Exercise -> Each line of the data below from the one holding "Section Sufficiency." to the one holding "move=> vc; apply/setP", inclusive, is to be reproduced exactly; no other line belongs in the answer.

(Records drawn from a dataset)
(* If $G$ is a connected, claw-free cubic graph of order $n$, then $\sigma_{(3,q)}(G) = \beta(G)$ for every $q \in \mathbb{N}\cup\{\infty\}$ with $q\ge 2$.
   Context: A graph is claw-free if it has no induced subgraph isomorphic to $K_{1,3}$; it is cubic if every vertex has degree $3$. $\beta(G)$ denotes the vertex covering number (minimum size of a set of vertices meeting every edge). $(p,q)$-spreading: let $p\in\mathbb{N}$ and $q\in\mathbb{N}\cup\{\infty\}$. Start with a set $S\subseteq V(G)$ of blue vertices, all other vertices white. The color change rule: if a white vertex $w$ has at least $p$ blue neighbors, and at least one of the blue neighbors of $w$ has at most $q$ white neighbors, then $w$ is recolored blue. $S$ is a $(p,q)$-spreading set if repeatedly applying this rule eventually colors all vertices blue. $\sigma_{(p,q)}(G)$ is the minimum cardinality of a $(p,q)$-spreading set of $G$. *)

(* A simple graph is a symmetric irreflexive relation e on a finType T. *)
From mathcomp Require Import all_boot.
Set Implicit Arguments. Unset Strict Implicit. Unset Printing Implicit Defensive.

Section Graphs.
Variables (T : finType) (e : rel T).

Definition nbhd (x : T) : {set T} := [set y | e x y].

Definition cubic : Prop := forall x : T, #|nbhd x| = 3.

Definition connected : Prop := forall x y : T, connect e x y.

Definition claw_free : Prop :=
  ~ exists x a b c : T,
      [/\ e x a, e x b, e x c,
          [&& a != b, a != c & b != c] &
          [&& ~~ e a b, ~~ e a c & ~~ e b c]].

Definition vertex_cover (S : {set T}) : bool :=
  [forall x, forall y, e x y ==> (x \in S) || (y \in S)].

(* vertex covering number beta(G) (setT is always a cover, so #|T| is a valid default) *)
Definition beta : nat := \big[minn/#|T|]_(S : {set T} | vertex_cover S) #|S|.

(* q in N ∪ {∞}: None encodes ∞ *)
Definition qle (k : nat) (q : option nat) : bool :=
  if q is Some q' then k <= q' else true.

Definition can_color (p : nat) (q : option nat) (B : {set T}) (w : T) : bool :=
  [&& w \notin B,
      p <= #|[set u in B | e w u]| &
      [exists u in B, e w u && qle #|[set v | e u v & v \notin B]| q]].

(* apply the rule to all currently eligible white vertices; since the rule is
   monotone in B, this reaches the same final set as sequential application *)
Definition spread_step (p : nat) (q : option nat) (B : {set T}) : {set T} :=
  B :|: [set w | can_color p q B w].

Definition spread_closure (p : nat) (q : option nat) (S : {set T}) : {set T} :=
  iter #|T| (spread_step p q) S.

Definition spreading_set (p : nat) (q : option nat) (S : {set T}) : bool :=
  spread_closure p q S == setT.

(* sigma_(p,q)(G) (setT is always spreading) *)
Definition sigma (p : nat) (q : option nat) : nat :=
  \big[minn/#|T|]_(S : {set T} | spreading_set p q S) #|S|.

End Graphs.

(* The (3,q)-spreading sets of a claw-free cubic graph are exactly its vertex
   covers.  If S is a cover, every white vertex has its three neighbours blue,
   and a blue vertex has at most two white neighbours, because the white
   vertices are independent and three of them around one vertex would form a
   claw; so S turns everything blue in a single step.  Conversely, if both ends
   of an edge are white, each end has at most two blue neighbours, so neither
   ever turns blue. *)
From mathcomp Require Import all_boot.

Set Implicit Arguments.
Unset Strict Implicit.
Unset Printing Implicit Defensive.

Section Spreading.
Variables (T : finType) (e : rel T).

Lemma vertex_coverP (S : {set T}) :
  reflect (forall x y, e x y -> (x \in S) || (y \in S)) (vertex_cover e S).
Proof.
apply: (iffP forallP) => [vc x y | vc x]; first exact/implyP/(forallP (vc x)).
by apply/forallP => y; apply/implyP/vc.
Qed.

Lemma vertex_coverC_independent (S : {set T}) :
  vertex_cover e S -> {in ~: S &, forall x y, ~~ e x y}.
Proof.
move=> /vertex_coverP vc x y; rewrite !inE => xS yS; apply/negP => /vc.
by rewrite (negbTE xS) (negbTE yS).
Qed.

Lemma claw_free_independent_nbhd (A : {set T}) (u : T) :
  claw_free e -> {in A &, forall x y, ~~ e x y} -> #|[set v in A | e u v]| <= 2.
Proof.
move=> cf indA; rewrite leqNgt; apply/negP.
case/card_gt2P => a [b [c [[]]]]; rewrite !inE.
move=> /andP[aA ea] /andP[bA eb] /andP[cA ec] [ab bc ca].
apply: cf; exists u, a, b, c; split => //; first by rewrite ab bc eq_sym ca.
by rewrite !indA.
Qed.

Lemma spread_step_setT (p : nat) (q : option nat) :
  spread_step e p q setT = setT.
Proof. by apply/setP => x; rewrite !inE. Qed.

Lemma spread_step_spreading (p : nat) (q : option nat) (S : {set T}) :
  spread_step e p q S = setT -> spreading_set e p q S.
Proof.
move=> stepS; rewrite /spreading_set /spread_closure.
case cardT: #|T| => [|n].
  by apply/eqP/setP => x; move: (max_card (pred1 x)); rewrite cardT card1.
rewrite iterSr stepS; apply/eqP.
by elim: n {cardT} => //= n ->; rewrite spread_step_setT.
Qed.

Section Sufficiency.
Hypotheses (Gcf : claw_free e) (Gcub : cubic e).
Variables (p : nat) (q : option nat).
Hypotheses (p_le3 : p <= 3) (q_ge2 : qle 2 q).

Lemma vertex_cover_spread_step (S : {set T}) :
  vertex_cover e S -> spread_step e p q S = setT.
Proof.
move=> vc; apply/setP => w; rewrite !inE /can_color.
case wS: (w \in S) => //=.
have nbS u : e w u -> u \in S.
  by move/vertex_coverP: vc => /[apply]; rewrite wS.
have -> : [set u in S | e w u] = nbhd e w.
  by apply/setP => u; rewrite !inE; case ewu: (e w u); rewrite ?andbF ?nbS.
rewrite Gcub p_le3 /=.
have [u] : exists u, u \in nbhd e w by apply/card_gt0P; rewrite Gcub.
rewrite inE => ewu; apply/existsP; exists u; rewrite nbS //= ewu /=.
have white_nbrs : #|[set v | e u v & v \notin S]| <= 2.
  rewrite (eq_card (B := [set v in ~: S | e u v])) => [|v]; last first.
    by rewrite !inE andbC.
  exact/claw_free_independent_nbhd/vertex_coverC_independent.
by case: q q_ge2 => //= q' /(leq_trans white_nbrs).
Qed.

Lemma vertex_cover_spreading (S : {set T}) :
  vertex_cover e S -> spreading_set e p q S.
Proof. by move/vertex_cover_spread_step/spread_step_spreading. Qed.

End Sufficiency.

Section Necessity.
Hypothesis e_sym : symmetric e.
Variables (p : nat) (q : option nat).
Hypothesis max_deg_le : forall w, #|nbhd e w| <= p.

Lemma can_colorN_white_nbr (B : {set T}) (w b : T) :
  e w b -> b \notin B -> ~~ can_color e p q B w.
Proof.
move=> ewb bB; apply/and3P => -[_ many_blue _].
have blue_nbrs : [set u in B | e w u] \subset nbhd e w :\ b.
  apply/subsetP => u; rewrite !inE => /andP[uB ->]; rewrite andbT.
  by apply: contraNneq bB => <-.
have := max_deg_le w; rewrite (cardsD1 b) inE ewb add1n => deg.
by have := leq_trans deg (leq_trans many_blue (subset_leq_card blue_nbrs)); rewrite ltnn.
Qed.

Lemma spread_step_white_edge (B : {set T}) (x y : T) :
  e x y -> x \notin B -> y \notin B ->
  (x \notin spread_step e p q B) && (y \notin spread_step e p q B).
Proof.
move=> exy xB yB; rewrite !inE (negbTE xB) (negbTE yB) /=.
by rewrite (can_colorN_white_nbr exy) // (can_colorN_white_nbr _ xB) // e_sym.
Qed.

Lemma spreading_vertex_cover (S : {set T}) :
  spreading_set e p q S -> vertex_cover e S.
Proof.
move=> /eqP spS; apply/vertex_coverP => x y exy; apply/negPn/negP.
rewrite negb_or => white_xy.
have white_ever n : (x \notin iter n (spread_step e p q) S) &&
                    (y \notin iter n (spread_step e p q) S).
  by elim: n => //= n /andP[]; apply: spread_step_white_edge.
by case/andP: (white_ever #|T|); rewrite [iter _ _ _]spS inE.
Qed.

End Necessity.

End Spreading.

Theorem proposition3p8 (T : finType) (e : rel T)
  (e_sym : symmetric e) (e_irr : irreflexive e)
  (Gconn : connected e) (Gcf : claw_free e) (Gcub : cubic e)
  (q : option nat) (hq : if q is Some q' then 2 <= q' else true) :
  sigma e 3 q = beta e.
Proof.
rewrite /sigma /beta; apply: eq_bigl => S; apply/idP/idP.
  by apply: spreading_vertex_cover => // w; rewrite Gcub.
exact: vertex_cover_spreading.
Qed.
* * *
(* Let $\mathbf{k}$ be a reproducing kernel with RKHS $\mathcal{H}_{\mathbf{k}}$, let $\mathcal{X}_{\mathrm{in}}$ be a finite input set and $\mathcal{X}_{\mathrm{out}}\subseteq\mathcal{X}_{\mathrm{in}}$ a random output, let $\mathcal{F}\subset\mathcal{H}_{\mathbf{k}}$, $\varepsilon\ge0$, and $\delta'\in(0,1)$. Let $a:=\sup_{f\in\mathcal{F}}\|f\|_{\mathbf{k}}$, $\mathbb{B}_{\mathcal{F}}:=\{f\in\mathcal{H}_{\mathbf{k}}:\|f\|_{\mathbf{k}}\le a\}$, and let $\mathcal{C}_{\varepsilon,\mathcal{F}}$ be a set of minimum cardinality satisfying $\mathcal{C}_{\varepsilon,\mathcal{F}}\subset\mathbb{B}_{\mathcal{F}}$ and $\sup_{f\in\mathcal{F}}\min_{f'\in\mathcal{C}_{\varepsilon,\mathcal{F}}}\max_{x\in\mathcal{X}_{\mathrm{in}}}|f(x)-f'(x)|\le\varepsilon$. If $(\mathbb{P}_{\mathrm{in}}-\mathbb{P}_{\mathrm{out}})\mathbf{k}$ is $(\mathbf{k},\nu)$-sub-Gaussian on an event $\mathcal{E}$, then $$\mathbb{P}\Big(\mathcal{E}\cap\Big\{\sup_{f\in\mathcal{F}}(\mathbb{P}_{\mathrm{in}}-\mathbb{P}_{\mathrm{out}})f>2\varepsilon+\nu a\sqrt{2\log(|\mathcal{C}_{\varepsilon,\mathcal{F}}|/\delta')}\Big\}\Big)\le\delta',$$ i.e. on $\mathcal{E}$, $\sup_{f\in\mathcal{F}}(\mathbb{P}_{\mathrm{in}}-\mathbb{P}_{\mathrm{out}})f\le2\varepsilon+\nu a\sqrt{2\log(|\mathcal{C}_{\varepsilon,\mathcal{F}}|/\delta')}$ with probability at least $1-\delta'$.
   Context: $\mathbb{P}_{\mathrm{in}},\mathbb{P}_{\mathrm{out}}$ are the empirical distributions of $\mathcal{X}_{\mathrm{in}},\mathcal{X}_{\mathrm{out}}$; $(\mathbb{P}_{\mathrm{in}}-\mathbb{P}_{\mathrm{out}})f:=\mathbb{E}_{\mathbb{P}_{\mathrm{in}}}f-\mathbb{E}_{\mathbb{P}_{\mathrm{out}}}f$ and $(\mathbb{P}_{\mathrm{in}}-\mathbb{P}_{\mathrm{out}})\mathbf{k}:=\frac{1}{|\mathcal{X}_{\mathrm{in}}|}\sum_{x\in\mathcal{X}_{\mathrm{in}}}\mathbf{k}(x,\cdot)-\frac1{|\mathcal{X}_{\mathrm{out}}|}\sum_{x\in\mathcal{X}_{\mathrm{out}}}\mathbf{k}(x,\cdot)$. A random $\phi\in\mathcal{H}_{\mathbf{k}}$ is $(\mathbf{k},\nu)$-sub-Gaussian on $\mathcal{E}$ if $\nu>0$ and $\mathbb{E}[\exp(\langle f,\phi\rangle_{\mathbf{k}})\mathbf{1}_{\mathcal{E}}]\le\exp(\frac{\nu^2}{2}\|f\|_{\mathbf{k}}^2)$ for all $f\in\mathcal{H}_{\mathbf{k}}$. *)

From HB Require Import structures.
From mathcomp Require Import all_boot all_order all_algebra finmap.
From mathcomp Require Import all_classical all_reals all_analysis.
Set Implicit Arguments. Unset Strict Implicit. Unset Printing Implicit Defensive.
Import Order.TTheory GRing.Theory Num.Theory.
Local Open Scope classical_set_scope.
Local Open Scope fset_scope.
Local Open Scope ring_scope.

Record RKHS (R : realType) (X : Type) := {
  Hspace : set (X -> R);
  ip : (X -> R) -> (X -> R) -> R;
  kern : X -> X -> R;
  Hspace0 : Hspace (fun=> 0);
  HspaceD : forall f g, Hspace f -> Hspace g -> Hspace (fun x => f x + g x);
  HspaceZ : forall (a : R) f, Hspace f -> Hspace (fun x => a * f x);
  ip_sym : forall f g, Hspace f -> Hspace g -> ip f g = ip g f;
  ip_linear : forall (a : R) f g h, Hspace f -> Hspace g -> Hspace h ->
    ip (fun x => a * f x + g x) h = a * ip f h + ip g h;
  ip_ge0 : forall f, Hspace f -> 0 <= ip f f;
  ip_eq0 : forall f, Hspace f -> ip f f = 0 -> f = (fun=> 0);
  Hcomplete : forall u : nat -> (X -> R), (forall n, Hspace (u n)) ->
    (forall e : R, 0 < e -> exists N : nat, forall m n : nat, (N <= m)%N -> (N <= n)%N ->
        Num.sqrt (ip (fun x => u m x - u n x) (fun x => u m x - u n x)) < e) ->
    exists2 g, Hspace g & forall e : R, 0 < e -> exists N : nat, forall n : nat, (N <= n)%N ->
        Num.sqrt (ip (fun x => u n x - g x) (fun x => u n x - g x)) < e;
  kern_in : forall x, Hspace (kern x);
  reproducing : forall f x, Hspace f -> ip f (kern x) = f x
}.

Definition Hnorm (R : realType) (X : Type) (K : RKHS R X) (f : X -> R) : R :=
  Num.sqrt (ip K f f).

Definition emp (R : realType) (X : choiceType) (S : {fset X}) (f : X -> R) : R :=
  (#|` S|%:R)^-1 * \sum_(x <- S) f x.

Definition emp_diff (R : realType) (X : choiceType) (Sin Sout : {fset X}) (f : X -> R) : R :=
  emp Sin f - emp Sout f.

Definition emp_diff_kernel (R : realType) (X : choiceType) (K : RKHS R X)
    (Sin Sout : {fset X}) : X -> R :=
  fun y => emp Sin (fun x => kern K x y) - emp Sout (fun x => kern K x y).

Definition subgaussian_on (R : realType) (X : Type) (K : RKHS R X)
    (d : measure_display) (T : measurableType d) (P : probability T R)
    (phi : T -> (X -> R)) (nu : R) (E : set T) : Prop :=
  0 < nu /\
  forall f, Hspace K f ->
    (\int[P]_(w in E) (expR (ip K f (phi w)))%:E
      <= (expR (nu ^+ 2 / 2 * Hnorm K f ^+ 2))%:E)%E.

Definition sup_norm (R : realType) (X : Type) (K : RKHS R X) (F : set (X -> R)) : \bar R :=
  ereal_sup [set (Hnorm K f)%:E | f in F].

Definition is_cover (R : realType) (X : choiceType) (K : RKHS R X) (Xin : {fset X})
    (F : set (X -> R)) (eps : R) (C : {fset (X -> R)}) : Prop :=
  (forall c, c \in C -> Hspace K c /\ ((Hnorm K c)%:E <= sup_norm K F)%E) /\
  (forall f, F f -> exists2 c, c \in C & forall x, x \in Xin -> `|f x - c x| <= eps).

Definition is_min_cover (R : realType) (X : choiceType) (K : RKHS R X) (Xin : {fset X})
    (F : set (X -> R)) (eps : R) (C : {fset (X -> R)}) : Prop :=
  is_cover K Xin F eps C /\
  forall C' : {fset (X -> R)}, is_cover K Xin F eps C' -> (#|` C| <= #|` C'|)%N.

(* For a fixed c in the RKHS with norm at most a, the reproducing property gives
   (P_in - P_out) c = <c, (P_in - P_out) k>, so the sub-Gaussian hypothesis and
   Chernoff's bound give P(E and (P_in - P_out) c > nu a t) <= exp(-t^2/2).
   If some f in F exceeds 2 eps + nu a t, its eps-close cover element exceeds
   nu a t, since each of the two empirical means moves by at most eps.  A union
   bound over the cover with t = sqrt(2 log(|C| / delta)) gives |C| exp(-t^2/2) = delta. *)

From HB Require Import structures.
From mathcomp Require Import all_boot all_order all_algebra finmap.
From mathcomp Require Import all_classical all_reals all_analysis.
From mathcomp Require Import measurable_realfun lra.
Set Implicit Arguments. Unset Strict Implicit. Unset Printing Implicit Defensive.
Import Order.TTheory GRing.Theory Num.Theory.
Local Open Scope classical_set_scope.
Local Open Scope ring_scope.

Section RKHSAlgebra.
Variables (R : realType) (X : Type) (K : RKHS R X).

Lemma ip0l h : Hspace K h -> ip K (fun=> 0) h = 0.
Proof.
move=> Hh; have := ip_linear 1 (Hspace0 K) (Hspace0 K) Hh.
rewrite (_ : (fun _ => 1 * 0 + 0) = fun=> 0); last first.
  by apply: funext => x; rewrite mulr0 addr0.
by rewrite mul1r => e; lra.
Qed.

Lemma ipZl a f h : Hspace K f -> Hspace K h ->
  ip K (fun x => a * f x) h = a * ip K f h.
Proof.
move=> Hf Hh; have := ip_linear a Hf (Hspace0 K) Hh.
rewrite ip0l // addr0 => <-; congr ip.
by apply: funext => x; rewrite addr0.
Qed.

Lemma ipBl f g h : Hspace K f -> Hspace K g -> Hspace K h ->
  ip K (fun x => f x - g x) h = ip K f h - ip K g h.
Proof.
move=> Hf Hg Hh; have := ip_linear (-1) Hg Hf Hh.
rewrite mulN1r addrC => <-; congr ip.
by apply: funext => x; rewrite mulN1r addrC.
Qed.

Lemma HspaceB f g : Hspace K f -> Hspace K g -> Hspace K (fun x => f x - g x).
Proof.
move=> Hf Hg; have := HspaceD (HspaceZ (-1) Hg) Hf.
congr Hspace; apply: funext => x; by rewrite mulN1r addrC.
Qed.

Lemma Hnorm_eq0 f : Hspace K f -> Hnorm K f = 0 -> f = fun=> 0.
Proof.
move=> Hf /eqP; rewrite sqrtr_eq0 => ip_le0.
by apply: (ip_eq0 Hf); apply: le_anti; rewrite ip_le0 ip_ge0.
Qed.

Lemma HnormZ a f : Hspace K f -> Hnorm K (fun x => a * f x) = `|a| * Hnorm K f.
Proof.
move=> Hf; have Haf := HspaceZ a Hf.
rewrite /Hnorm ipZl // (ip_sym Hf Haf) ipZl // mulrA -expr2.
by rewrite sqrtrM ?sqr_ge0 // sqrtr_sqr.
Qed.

Answer space ->
Section Sufficiency.
Hypotheses (Gcf : claw_free e) (Gcub : cubic e).
Variables (p : nat) (q : option nat).
Hypotheses (p_le3 : p <= 3) (q_ge2 : qle 2 q).

Lemma vertex_cover_spread_step (S : {set T}) :
  vertex_cover e S -> spread_step e p q S = setT.
Proof.
move=> vc; apply/setP => w; rewrite !inE /can_color.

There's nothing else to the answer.